START Record excerpts

Lemma star_jsub_close u P S : lc_at 0 u -> star P S ->
  forall A z, P = open A (fvar z) -> ~ In z (fv A) ->
  star (jsub A u) (jsub (close z S) u).
Proof.
  intros Hu; induction 1 as [P|P Q S Hr HS IH]; intros A z E Hz; subst.
  - unfold close, open; rewrite close_open; auto. constructor.
  - eapply Relation_Operators.rt1n_trans; [apply red_jsub_close; eauto|].
    apply IH.
    + unfold open, close. rewrite open_close, subst_id; auto. eapply red_lc_r; eauto.
    + unfold close; rewrite fv_close; tauto.
Qed.

Lemma star_jsub_l A B u z : ~ In z (fv A) -> ~ In z (fv B) -> lc_at 0 u ->
  star (open A (fvar z)) (open B (fvar z)) -> star (jsub A u) (jsub B u).
Proof.
  intros. replace B with (close z (open B (fvar z))) by (unfold close, open; apply close_open; auto).
  eapply star_jsub_close; eauto.
Qed.

Lemma star_app_l t t' u : star t t' -> lc_at 0 u -> star (app t u) (app t' u).
Proof.
  induction 1; intros; [constructor|].
  eapply Relation_Operators.rt1n_trans; eauto. apply red_app_l; auto. apply lc_iff; auto.
Qed.

Lemma star_app_r t u u' : star u u' -> lc_at 0 t -> star (app t u) (app t u').
Proof.
  induction 1; intros; [constructor|].
  eapply Relation_Operators.rt1n_trans; eauto. apply red_app_r; auto. apply lc_iff; auto.
Qed.

Lemma star_jsub_r t u u' : star u u' -> lc_at 1 t -> star (jsub t u) (jsub t u').
Proof.
  induction 1; intros; [constructor|].
  eapply Relation_Operators.rt1n_trans; eauto. apply red_jsub_r with (L := []); auto.
  intros; apply lc_iff. apply open_lc_at_lower; simpl; auto.
Qed.

Lemma red_subst_r u u' : red u u' -> forall t, lc t -> forall x,
  star (subst x u t) (subst x u' t).
Proof.
  intros Hr. destruct (red_lc _ _ Hr) as [Hu Hu'].
  induction 1 as [y|L t Ht IH|t1 t2 H1 IH1 H2 IH2|L t1 t2 H1 IH1 H2 IH2]; intros x; simpl.
  - case_eqb; [apply clos_rt1n_step; auto|constructor].
  - destruct (fresh_ex (x :: L ++ fv t ++ fv u ++ fv u')) as [z Hz]. in_app.
    apply star_abs with (z := z); try (intro H; apply fv_subst in H; tauto).
    unfold open. rewrite <- !subst_open_var; auto; try (intro; subst; tauto). apply IH; tauto.
  - eapply star_trans.
    + apply star_app_l; [apply IH1|]. apply subst_lc_at; auto; apply lc_iff; auto.
    + apply star_app_r; [apply IH2|]. apply subst_lc_at; auto; apply lc_iff; auto.
  - destruct (fresh_ex (x :: L ++ fv t1 ++ fv u ++ fv u')) as [z Hz]. in_app.
    apply star_trans with (b := jsub (subst x u' t1) (subst x u t2)).
    + apply star_jsub_l with (z := z); try (intro H; apply fv_subst in H; tauto).
      * apply subst_lc_at; auto; apply lc_iff; auto.
      * unfold open. rewrite <- !subst_open_var; auto; try (intro; subst; tauto). apply IH1; tauto.
    + apply star_jsub_r; [apply IH2|].
      apply subst_lc_at; auto. apply (lc_at_open_inv _ 0 (fvar z)). apply lc_iff. apply H1. tauto.
Qed.

Lemma app_list_red vs : forall h h', red h h' -> Forall (lc_at 0) vs ->
  red (app_list h vs) (app_list h' vs).
Proof.
  induction vs; simpl; intros h h' Hr Hv; auto. inversion Hv; subst.
  apply IHvs; auto. apply red_app_l; auto. apply lc_iff; auto.
Qed.

Lemma app_list_star vs h h' : star h h' -> Forall (lc_at 0) vs ->
  star (app_list h vs) (app_list h' vs).
Proof. induction 1; intros; [constructor|]. eapply Relation_Operators.rt1n_trans; eauto. apply app_list_red; auto. Qed.

Lemma app_list_red_arg vs1 : forall h v v' vs2, lc_at 0 h -> Forall (lc_at 0) vs1 ->
  red v v' -> Forall (lc_at 0) vs2 ->
  red (app_list h (vs1 ++ v :: vs2)) (app_list h (vs1 ++ v' :: vs2)).
Proof.
  induction vs1; simpl; intros h v v' vs2 Hh H1 Hr H2.
  - apply app_list_red; auto. apply red_app_r; auto. apply lc_iff; auto.
  - inversion H1; subst. apply IHvs1; simpl; auto.
Qed.

Lemma app_list_red_inv vs : forall h s', red (app_list h vs) s' ->
  (exists h', red h h' /\ s' = app_list h' vs) \/
  (exists vs1 v v' vs2, vs = vs1 ++ v :: vs2 /\ red v v' /\ s' = app_list h (vs1 ++ v' :: vs2)) \/
  (exists L b v1 rest, vs = v1 :: rest /\ h = jumps L (abs b) /\
     s' = app_list (jumps L (jsub b v1)) rest).
Proof.
  induction vs; simpl; intros h s' Hr.
  - left; eauto.
  - destruct (IHvs _ _ Hr) as [[h' [H1 ->]] | [[vs1 [v [v' [vs2 [-> [H2 ->]]]]]]
      | [L [b [v1 [rest [-> [E ->]]]]]]]].
    + inversion H1; subst.
      * right; right. do 4 eexists; eauto.
      * left; eauto.
      * right; left. exists [], a, u', vs; simpl; auto.
    + right; left. exists (a :: vs1), v, v', vs2; simpl; auto.
    + exfalso; eapply jumps_abs_not_app; eauto.
Qed.

(* An environment [[(x1,u1);...;(xm,um)]] denotes both the jumps
   [t[x1/u1]...[xm/um]] ([mjump]) and the substitution [t{x1/u1}...{xm/um}] ([msubst]). *)
Notation env := (list (var * term)).

Definition env_fv (s : env) : list var := flat_map (fun p => fv (snd p)) s.
Definition fresh_in_env (s : env) (y : var) : Prop := forall x u, In (x, u) s -> ~ In y (fv u).
Definition names_fresh (s : env) (w : term) : Prop := forall x, In x (map fst s) -> ~ In x (fv w).
Definition env_lc (s : env) : Prop := forall x u, In (x, u) s -> lc_at 0 u.
Definition env_closed (s : env) : Prop :=
  forall x u y w, In (x, u) s -> In (y, w) s -> ~ In x (fv w).

Lemma env_fv_in s x u y : In (x, u) s -> In y (fv u) -> In y (env_fv s).
Proof. intros. unfold env_fv. apply in_flat_map. exists (x, u); auto. Qed.

Lemma fresh_in_env_fv s y : ~ In y (env_fv s) -> fresh_in_env s y.
Proof. intros H x u Hi Hy. apply H. eapply env_fv_in; eauto. Qed.

Lemma in_fst (s : env) x u : In (x, u) s -> In x (map fst s).
Proof. intros. apply (in_map fst) in H; auto. Qed.

Lemma in_snd (s : env) x u : In (x, u) s -> In u (map snd s).
Proof. intros. apply (in_map snd) in H; auto. Qed.

Lemma env_snoc_inv s x u :
  NoDup (map fst (s ++ [(x, u)])) -> env_closed (s ++ [(x, u)]) -> env_lc (s ++ [(x, u)]) ->
  NoDup (map fst s) /\ env_closed s /\ env_lc s /\ ~ In x (map fst s) /\
  fresh_in_env s x /\ names_fresh s u /\ ~ In x (fv u) /\ lc_at 0 u.
Proof.
  intros H1 H2 H3. rewrite map_app in H1. simpl in H1.
  assert (Hi : forall p, In p s -> In p (s ++ [(x, u)])) by (intros; rewrite in_app_iff; auto).
  assert (Hx : In (x, u) (s ++ [(x, u)])) by (rewrite in_app_iff; simpl; auto).
  repeat split.
  - apply NoDup_remove_1 in H1. rewrite app_nil_r in H1; auto.
  - intros a b c d Ha Hc. eapply H2; eauto.
  - intros a b Ha. eapply H3; eauto.
  - apply NoDup_remove_2 in H1. rewrite app_nil_r in H1; auto.
  - intros a b Ha. eapply H2; eauto.
  - intros a Ha. apply in_map_iff in Ha. destruct Ha as [[a' b'] [E Ha]]; simpl in E; subst.
    eapply H2; eauto.
  - eapply H2; eauto.
  - eapply H3; eauto.
Qed.

Lemma mjump_app s1 : forall s2 t, mjump (s1 ++ s2) t = mjump s2 (mjump s1 t).
Proof. induction s1 as [|[x u] s1 IH]; simpl; auto. Qed.

Lemma msubst_app s1 : forall s2 t, msubst (s1 ++ s2) t = msubst s2 (msubst s1 t).
Proof. induction s1 as [|[x u] s1 IH]; simpl; auto. Qed.

Lemma mjump_snoc s x u t : mjump (s ++ [(x, u)]) t = jsub (close x (mjump s t)) u.
Proof. rewrite mjump_app; auto. Qed.

Lemma mjump_lc s : forall t, env_lc s -> lc_at 0 t -> lc_at 0 (mjump s t).
Proof.
  induction s as [|[x u] s IH]; simpl; intros t Hs Ht; auto.
  apply IH; [intros a b Hi; eapply Hs; simpl; eauto|].
  simpl; split; [apply close_lc_at; auto|eapply Hs; simpl; eauto].
Qed.

Lemma msubst_lc s : forall t, env_lc s -> lc_at 0 t -> lc_at 0 (msubst s t).
Proof.
  induction s as [|[x u] s IH]; simpl; intros t Hs Ht; auto.
  apply IH; [intros a b Hi; eapply Hs; simpl; eauto|].
  apply subst_lc_at; auto. eapply Hs; simpl; eauto.
Qed.

Lemma mjump_fv s : forall t y, In y (fv (mjump s t)) -> In y (fv t) \/ In y (env_fv s).
Proof.
  induction s as [|[x u] s IH]; simpl; intros t y H; auto.
  unfold env_fv in *; simpl. rewrite in_app_iff.
  destruct (IH _ _ H) as [H1|H1]; [|tauto].
  simpl in H1; rewrite in_app_iff in H1. destruct H1 as [H1|H1]; [|tauto].
  unfold close in H1; rewrite fv_close in H1; tauto.
Qed.

Lemma msubst_fv s : forall t y, In y (fv (msubst s t)) -> In y (fv t) \/ In y (env_fv s).
Proof.
  induction s as [|[x u] s IH]; simpl; intros t y H; auto.
  unfold env_fv in *; simpl; rewrite in_app_iff.
  destruct (IH _ _ H) as [H1|H1]; [|tauto]. apply fv_subst in H1. tauto.
Qed.

Lemma occ_mjump s : forall t y, ~ In y (map fst s) -> fresh_in_env s y ->
  occ y (mjump s t) = occ y t.
Proof.
  induction s as [|[x u] s IH]; simpl; intros t y H1 H2; auto.
  rewrite IH; [|tauto|intros a b Hi; eapply H2; simpl; eauto]. simpl.
  unfold close; rewrite occ_close by (intro; subst; tauto).
  assert (occ y u = 0) by (apply occ_fv; eapply H2; simpl; eauto). lia.
Qed.

Lemma subst_mjump s : forall t z w, ~ In z (map fst s) -> fresh_in_env s z -> names_fresh s w ->
  subst z w (mjump s t) = mjump s (subst z w t).
Proof.
  induction s as [|[x u] s IH]; simpl; intros t z w H1 H2 H3; auto.
  rewrite IH; [|tauto|intros a b Hi; eapply H2; simpl; eauto|intros a Ha; apply H3; simpl; auto].
  f_equal. simpl. unfold close.
  rewrite subst_close; [|intro; subst; tauto|apply H3; simpl; auto].
  rewrite (subst_fresh u); auto. eapply H2; simpl; eauto.
Qed.

Lemma subst_msubst s : forall t z w, ~ In z (map fst s) -> fresh_in_env s z -> names_fresh s w ->
  subst z w (msubst s t) = msubst s (subst z w t).
Proof.
  induction s as [|[x u] s IH]; simpl; intros t z w H1 H2 H3; auto.
  rewrite IH; [|tauto|intros a b Hi; eapply H2; simpl; eauto|intros a Ha; apply H3; simpl; auto].
  f_equal. rewrite subst_subst; auto; [apply H3|eapply H2]; simpl; eauto.
Qed.

Lemma msubst_fresh s : forall v, names_fresh s v -> msubst s v = v.
Proof.
  induction s as [|[x u] s IH]; simpl; intros v H; auto.
  rewrite subst_fresh by (apply H; simpl; auto). apply IH. intros a Ha; apply H; simpl; auto.
Qed.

END Record excerpts

=== Your instructions ===
Give back, verbatim, the lines from the top of the entries above through the line containing "Lemma star_jsub_l A".

=== Response to this exercise ===
Lemma star_jsub_close u P S : lc_at 0 u -> star P S ->
  forall A z, P = open A (fvar z) -> ~ In z (fv A) ->
  star (jsub A u) (jsub (close z S) u).
Proof.
  intros Hu; induction 1 as [P|P Q S Hr HS IH]; intros A z E Hz; subst.
  - unfold close, open; rewrite close_open; auto. constructor.
  - eapply Relation_Operators.rt1n_trans; [apply red_jsub_close; eauto|].
    apply IH.
    + unfold open, close. rewrite open_close, subst_id; auto. eapply red_lc_r; eauto.
    + unfold close; rewrite fv_close; tauto.
Qed.

Lemma star_jsub_l A B u z : ~ In z (fv A) -> ~ In z (fv B) -> lc_at 0 u ->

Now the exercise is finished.